Lemma L_factor_without_occs w a b : a < b -> b <= size w ->
  (forall k, k < size (occs L w) -> a <= (occ w k).1 -> (occ w k).2 <= b -> False) ->
  L (factor w a b).
Proof.
move=> ab bs noocc; apply/negPn/negP => nL.
have [i [j [ai jb ij D]]] := Ldd_factor_within ab bs nL.
have zin : (i, j) \in occs L w by rewrite mem_occs ij D andbT; lia.
by apply: (noocc (index (i, j) (occs L w))); rewrite ?index_mem ?nth_index.
Qed.

Lemma L_occs_gap w k : k.+1 < size (occs L w) ->
  L (factor w (occ w k).1.+1 (occ w k.+1).2.-1).
Proof.
move=> ks; have ks' : k < size (occs L w) by lia.
have /and3P[y1 y2 _] := is_occ_nth ks.
have [o1 _] := occs_nth_lt (ltnSn k) ks.
apply: L_factor_without_occs; [lia | lia | move=> l ls al lb].
case: (leqP l k) => lk.
- by have [] := occs_nth_le lk ks'; lia.
- by have [] := occs_nth_le lk ls; lia.
Qed.

Lemma L_occs_first w : 0 < size (occs L w) -> L (factor w 0 (occ w 0).2.-1).
Proof.
move=> ks; have /and3P[x1 x2 _] := is_occ_nth ks.
apply: L_factor_without_occs; [lia | lia | move=> l ls _ lb].
by have [] := occs_nth_le (leq0n l) ls; lia.
Qed.

Lemma L_occs_last w : 0 < size (occs L w) ->
  L (factor w (occ w (size (occs L w)).-1).1.+1 (size w)).
Proof.
move=> ks; have ks' : (size (occs L w)).-1 < size (occs L w) by lia.
have /and3P[x1 x2 _] := is_occ_nth ks'.
apply: L_factor_without_occs; [lia | lia | move=> l ls al _].
have lk : l <= (size (occs L w)).-1 by lia.
by have [] := occs_nth_le lk ks'; lia.
Qed.

Lemma size_occs_gt0 w : ~~ nilp w -> ~~ L w -> 0 < size (occs L w).
Proof.
move=> ne nL.
have ab : 0 < size w by case: (w) ne.
have nL' : ~~ L (factor w 0 (size w)) by rewrite factor_full.
have [i [j [_ js ij D]]] := Ldd_factor_within ab (leqnn _) nL'.
have zin : (i, j) \in occs L w by rewrite mem_occs ij js D.
by case: (occs L w) zin.
Qed.

Lemma L_sc_first w : ~~ nilp w -> ~~ L w -> L (sc_first L w).
Proof. by move=> ne nL; rewrite /sc_first -nth0; apply/L_occs_first/size_occs_gt0. Qed.

Lemma L_sc_last w : ~~ nilp w -> ~~ L w -> L (sc_last L w).
Proof. by move=> ne nL; rewrite /sc_last -nth_last; apply/L_occs_last/size_occs_gt0. Qed.

Definition occ_link w (p q : nat * nat) :=
  [&& p.1 < q.1, p.2 < q.2 & L (factor w p.1.+1 q.2.-1)].

Lemma path_occs w : path (occ_link w) (head (0, 0) (occs L w)) (behead (occs L w)).
Proof.
have link k : k.+1 < size (occs L w) -> occ_link w (occ w k) (occ w k.+1).
  move=> ks; have [o1 o2] := occs_nth_lt (ltnSn k) ks.
  by rewrite /occ_link o1 o2 L_occs_gap.
move: link; case: (occs L w) => [//|x t] /= link.
by apply/(pathP (0, 0)) => i it; exact: link.
Qed.

End Occurrences.

Fixpoint occ_pieces (A : Type) (w : seq A) (t : seq (nat * nat)) : seq (seq A) :=
  match t with
  | [::] => [::]
  | x :: t' => factor w x.1 x.2 ::
      match t' with [::] => [::] | y :: _ => factor w x.1.+1 y.2.-1 :: occ_pieces w t' end
  end.

Lemma flatten_zip_pieces (A : Type) (w : seq A) (t : seq (nat * nat)) z : t <> [::] ->
  flatten [seq [:: p.1; p.2] | p <- zip (z :: [seq factor w p.1.1.+1 p.2.2.-1
                                               | p <- zip t (behead t)])
                                    [seq factor w ij.1 ij.2 | ij <- t]]
  = z :: occ_pieces w t.
Proof.
elim: t z => [|x [|y t] IH] z // _.
by have /= -> := IH (factor w x.1.+1 y.2.-1).
Qed.

Lemma sc_midE (A : Type) (L : pred (seq A)) w : occs L w <> [::] ->
  sc_mid L w = occ_pieces w (occs L w).
Proof. by move=> ne; rewrite /sc_mid /sc_gaps /sc_dd flatten_zip_pieces. Qed.

Section Thue.
Variables (T : Type) (R : seq T -> seq T -> Prop).

Lemma thue_catlr p q u v : thue R u v -> thue R (p ++ u ++ q) (p ++ v ++ q).
Proof.
elim=> {u v} [u|u v _ IH|u v w' _ IH1 _ IH2|p' q' u v H].
- exact: thue_refl.
- exact: thue_sym.
- exact: thue_trans IH2.
- by have := thue_step (p ++ p') (q' ++ q) H; rewrite -!catA.
Qed.

Global Instance thue_Equivalence : Equivalence (thue R).
Proof. split; [exact: thue_refl | exact: thue_sym | exact: thue_trans]. Qed.

Lemma thue_catr u v q : thue R u v -> thue R (u ++ q) (v ++ q).
Proof. exact: thue_catlr [::] q u v. Qed.

Lemma thue_catl u v p : thue R u v -> thue R (p ++ u) (p ++ v).
Proof. by move=> H; have := thue_catlr p [::] H; rewrite !cats0. Qed.

Global Instance cat_thue_Proper : Proper (thue R ==> thue R ==> thue R) (@cat T).
Proof.
move=> a b Hab c d Hcd; apply: (thue_trans (v := b ++ c)).
  exact: thue_catr.
exact: thue_catl.
Qed.

Lemma thue_rel u v : R u v -> thue R u v.
Proof. by move=> H; have := thue_step [::] [::] H; rewrite /= !cats0. Qed.

End Thue.

#[global] Hint Resolve thue_refl : core.

Section Products.
Variable G : groupType.
Local Open Scope group_scope.

Lemma prodG_cat (s1 s2 : seq G) : prodG (s1 ++ s2) = prodG s1 * prodG s2.
Proof. by elim: s1 => [|x s IH] /=; rewrite ?mul1g // IH mulgA. Qed.

Lemma prodG_rcons (s : seq G) x : prodG (rcons s x) = prodG s * x.
Proof. by rewrite -cats1 prodG_cat /= mulg1. Qed.

Lemma evG_cat (AG : Type) (gen : AG -> G) a b : evG gen (a ++ b) = evG gen a * evG gen b.
Proof. by rewrite /evG map_cat prodG_cat. Qed.

End Products.

Section Runs.
Variables (A AG : Type).
Local Notation inlX := (@inl A AG).
Local Notation inrX := (@inr A AG).

Definition is_Arun (r : seq A + seq AG) : bool := if r is inl _ then true else false.

Definition nonempty_run (r : seq A + seq AG) : bool :=
  match r with inl u => ~~ nilp u | inr g => ~~ nilp g end.

Definition run_switch (r r' : seq A + seq AG) : bool := is_Arun r != is_Arun r'.

Definition unruns (rs : seq (seq A + seq AG)) : seq (X A AG) :=
  flatten (map (fun r => match r with inl u => map inlX u | inr g => map inrX g end) rs).

Lemma runs_spec (w : seq (X A AG)) :
  [/\ unruns (runs w) = w, all nonempty_run (runs w) & sorted run_switch (runs w)].
Proof.
elim: w => [|x w [IH1 IH2 IH3]] //.
case: x => [a|b]; move: IH1 IH2 IH3; rewrite /=; case: (runs w) => [|[u|g] r].
- by move=> <-.
- move=> <- /andP[_ Ha] Hs; split => //=; try by rewrite Ha.
  by case: r Hs {Ha}.
- by move=> <- Ha Hs; split => //=; rewrite ?Ha ?Hs.
- by move=> <- Ha Hs; split => //=; rewrite ?Ha ?Hs.
- by move=> <- Ha Hs; split => //=; try exact: Ha; try exact: Hs.
- move=> <- /andP[_ Ha] Hs; split => //=; try by rewrite Ha.
  by case: r Hs {Ha}.
Qed.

****

_Task item_
Retype the records above, but only those lines that fall between the line containing "- by have := thue_step" and the line containing "Proof. by move=> H; have := thue_catlr", with both of those lines included, exactly as written.

_Task response_
- by have := thue_step (p ++ p') (q' ++ q) H; rewrite -!catA.
Qed.

Global Instance thue_Equivalence : Equivalence (thue R).
Proof. split; [exact: thue_refl | exact: thue_sym | exact: thue_trans]. Qed.

Lemma thue_catr u v q : thue R u v -> thue R (u ++ q) (v ++ q).
Proof. exact: thue_catlr [::] q u v. Qed.

Lemma thue_catl u v p : thue R u v -> thue R (p ++ u) (p ++ v).
Proof. by move=> H; have := thue_catlr p [::] H; rewrite !cats0. Qed.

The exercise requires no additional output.